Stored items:

--- START ---

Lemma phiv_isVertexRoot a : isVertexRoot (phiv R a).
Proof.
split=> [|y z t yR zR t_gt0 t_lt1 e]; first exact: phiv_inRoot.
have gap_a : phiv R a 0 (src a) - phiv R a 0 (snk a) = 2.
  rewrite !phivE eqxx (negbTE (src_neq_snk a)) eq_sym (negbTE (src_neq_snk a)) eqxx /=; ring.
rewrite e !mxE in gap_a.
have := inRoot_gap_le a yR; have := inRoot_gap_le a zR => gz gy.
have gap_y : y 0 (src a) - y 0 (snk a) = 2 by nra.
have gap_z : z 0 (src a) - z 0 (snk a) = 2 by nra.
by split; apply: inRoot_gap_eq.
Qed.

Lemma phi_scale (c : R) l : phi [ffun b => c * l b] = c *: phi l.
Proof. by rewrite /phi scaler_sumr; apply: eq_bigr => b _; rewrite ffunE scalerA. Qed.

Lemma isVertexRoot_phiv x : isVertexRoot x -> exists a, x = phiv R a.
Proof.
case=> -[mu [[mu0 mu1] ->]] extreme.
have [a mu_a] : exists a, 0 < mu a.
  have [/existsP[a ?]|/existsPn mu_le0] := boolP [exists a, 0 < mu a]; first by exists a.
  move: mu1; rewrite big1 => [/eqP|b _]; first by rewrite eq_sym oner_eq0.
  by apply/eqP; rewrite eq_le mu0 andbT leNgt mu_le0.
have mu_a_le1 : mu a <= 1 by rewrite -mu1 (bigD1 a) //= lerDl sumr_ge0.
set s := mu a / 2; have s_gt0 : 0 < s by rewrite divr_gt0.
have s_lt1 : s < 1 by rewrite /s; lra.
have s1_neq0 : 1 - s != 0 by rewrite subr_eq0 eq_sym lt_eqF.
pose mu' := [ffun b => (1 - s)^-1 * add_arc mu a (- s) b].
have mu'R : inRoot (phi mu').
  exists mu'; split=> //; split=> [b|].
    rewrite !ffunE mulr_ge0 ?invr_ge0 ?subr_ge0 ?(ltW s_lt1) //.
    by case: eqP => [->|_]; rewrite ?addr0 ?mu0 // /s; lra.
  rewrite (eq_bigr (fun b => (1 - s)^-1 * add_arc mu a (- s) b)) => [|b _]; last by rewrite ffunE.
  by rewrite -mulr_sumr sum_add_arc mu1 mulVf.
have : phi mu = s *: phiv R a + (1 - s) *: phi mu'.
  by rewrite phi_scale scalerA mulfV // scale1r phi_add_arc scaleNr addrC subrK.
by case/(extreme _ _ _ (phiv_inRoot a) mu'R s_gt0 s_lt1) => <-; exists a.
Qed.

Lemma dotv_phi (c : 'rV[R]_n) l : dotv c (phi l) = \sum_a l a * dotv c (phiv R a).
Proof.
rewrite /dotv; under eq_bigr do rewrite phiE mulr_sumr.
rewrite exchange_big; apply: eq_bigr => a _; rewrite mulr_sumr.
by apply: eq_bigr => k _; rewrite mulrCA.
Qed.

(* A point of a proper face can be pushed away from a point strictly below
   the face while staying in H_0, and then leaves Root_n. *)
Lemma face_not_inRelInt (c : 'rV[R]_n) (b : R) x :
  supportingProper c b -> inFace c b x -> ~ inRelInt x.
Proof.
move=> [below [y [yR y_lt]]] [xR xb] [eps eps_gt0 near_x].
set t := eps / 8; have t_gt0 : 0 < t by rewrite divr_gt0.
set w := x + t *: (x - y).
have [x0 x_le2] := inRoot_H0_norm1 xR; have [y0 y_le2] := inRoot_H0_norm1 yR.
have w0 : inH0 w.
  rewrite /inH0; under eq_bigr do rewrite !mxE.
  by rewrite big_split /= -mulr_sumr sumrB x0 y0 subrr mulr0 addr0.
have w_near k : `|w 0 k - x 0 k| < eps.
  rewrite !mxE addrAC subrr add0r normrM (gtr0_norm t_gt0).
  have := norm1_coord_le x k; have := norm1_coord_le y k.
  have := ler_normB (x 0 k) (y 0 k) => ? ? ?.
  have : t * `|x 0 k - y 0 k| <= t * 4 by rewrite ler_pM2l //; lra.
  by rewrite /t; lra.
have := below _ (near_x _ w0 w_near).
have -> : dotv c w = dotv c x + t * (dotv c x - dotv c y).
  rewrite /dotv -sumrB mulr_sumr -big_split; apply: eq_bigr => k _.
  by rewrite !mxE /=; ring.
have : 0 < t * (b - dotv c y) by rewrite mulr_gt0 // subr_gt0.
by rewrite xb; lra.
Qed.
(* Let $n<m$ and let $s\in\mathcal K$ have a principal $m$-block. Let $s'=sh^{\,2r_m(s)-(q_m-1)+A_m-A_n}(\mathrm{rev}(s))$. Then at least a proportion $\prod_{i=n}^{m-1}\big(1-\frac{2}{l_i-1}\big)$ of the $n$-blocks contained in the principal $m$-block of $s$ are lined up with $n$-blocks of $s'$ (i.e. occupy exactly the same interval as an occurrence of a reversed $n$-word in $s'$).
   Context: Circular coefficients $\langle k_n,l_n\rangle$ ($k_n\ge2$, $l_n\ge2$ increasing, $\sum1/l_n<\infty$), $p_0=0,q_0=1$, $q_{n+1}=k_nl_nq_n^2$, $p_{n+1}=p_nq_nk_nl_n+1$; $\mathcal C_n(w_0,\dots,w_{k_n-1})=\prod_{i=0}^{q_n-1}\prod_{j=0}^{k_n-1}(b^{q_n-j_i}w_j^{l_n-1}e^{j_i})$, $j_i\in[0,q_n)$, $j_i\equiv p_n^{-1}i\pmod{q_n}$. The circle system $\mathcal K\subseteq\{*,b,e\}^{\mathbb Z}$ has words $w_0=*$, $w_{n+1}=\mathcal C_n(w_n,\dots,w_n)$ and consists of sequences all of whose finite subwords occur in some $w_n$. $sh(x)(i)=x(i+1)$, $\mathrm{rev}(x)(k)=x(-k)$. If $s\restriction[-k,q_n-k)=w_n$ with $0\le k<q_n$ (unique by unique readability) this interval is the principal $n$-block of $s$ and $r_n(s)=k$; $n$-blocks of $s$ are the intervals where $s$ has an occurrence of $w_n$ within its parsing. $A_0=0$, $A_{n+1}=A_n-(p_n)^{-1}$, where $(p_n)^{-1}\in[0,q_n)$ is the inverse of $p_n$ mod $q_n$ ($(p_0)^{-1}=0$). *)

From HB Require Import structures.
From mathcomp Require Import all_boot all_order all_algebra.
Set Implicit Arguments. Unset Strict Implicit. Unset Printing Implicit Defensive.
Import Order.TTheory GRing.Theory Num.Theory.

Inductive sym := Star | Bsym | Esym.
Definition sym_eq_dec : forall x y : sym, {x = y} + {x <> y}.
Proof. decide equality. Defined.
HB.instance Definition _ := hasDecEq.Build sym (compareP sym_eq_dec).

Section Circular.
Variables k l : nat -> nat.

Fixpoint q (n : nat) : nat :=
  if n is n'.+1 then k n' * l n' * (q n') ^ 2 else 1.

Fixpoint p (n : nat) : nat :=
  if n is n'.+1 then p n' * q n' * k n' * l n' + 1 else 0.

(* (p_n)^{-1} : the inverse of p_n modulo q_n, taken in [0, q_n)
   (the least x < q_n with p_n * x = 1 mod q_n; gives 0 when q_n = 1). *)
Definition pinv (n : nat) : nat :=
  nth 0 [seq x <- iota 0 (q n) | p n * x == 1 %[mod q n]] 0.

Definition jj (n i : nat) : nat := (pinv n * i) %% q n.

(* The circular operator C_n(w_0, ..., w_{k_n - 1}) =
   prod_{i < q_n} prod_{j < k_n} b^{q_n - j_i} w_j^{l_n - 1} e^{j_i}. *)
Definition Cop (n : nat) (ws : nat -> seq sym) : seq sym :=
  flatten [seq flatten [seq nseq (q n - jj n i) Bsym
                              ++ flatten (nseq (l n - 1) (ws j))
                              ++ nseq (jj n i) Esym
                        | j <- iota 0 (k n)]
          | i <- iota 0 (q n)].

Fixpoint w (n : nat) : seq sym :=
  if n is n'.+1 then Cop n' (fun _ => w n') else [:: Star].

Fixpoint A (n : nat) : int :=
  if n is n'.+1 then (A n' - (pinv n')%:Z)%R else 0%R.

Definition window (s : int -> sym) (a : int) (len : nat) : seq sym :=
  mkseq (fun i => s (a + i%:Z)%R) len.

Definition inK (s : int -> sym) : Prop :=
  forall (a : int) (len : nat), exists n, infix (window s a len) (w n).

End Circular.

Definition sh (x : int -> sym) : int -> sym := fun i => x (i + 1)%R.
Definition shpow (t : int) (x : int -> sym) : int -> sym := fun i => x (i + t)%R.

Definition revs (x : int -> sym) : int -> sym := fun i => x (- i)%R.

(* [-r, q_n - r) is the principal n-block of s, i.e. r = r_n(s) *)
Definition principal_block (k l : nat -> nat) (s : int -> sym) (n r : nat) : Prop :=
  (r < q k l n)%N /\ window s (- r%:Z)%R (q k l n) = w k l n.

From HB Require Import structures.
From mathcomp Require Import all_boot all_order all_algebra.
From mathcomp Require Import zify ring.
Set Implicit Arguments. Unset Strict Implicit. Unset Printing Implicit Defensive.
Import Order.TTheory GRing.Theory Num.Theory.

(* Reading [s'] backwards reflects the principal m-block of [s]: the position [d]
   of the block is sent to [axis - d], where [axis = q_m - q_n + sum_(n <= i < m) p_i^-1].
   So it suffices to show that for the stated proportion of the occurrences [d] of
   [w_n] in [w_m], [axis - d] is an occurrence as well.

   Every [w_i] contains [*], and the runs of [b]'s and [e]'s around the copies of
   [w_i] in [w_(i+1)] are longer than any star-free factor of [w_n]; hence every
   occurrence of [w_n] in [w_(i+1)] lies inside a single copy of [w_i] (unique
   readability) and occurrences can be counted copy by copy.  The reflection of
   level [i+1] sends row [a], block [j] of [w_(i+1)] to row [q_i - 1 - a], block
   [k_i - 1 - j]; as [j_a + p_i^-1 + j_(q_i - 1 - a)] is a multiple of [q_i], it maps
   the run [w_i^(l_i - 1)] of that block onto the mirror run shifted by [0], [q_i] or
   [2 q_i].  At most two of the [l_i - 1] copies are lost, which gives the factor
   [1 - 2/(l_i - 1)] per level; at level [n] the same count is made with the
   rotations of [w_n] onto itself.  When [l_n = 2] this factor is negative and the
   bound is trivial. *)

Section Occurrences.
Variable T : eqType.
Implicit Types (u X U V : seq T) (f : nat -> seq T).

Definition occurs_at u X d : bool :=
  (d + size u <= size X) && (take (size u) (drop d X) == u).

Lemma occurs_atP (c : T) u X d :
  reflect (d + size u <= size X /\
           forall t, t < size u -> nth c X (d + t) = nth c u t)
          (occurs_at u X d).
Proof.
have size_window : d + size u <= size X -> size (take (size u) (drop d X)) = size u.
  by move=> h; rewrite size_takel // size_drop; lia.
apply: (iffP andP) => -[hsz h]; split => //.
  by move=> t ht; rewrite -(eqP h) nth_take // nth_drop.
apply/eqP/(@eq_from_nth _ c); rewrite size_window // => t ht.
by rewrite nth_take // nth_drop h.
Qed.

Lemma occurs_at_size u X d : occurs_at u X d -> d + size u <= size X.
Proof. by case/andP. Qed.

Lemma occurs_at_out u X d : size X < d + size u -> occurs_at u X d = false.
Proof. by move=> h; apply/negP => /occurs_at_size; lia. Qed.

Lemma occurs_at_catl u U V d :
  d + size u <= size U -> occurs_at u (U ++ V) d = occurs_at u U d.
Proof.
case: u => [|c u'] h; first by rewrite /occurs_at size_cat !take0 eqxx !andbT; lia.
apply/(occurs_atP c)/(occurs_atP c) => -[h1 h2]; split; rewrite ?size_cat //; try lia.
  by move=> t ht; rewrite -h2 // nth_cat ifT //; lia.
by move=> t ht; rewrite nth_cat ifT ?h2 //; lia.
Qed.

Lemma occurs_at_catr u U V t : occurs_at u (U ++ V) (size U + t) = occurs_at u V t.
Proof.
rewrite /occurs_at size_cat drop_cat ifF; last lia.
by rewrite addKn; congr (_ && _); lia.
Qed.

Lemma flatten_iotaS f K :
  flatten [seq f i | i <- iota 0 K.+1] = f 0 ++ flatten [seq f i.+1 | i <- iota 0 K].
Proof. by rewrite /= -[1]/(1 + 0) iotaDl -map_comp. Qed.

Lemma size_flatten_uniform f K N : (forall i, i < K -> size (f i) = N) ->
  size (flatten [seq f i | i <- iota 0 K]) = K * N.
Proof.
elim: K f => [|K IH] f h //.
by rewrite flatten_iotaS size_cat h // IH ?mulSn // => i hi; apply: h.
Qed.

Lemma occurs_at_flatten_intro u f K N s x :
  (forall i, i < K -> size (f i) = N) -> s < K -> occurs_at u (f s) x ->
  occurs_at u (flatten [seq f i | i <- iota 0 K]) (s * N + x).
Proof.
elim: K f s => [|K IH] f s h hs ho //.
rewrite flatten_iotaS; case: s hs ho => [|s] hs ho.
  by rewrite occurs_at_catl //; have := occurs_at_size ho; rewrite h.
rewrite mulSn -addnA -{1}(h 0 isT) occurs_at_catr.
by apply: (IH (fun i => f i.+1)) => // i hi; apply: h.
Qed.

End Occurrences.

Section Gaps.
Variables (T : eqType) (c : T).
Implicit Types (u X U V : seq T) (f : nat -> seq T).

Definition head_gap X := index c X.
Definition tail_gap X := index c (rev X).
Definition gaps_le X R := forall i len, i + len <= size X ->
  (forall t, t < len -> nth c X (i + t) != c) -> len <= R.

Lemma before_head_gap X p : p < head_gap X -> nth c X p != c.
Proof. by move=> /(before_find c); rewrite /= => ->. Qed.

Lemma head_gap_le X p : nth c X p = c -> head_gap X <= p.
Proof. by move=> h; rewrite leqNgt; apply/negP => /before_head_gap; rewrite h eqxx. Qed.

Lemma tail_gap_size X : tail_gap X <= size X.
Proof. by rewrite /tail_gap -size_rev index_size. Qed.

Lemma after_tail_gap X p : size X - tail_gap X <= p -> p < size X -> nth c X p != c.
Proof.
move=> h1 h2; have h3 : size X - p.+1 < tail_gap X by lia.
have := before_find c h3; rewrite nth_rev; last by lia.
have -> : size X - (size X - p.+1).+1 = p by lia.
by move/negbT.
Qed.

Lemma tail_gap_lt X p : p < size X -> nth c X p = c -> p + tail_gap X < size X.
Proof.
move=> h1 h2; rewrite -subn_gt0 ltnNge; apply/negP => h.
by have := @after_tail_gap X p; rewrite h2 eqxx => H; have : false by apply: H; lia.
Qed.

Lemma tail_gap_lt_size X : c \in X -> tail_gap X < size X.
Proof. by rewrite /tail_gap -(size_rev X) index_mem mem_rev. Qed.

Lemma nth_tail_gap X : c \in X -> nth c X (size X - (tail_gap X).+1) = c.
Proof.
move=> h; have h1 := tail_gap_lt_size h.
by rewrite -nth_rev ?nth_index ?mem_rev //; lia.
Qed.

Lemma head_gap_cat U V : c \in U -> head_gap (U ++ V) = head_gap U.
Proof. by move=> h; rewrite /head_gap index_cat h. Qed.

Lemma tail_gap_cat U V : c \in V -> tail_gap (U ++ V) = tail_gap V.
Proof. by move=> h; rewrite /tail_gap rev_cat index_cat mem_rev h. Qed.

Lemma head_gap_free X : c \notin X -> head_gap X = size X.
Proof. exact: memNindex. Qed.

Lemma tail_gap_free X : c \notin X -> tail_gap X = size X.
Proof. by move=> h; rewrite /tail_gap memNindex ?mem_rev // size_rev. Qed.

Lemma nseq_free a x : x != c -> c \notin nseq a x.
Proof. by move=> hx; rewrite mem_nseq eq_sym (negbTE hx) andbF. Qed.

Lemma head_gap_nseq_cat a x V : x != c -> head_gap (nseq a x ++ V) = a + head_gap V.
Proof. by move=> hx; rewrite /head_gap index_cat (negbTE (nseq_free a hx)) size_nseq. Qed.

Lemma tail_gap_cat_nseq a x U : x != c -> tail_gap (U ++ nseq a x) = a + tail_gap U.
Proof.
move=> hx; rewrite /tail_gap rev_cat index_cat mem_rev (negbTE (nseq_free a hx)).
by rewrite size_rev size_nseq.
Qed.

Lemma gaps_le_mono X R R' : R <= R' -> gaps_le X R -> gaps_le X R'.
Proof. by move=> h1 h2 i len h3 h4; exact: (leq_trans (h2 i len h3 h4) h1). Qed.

--- END ---

WHAT THE TASK ASKS: Retype exactly the lines of the data above that fall between the line with "by rewrite /t; lra." and the line with "(* Let $n<m$", inclusive, and add nothing.

RESULT OF THIS EXERCISE:
  by rewrite /t; lra.
have := below _ (near_x _ w0 w_near).
have -> : dotv c w = dotv c x + t * (dotv c x - dotv c y).
  rewrite /dotv -sumrB mulr_sumr -big_split; apply: eq_bigr => k _.
  by rewrite !mxE /=; ring.
have : 0 < t * (b - dotv c y) by rewrite mulr_gt0 // subr_gt0.
by rewrite xb; lra.
Qed.
(* Let $n<m$ and let $s\in\mathcal K$ have a principal $m$-block. Let $s'=sh^{\,2r_m(s)-(q_m-1)+A_m-A_n}(\mathrm{rev}(s))$. Then at least a proportion $\prod_{i=n}^{m-1}\big(1-\frac{2}{l_i-1}\big)$ of the $n$-blocks contained in the principal $m$-block of $s$ are lined up with $n$-blocks of $s'$ (i.e. occupy exactly the same interval as an occurrence of a reversed $n$-word in $s'$).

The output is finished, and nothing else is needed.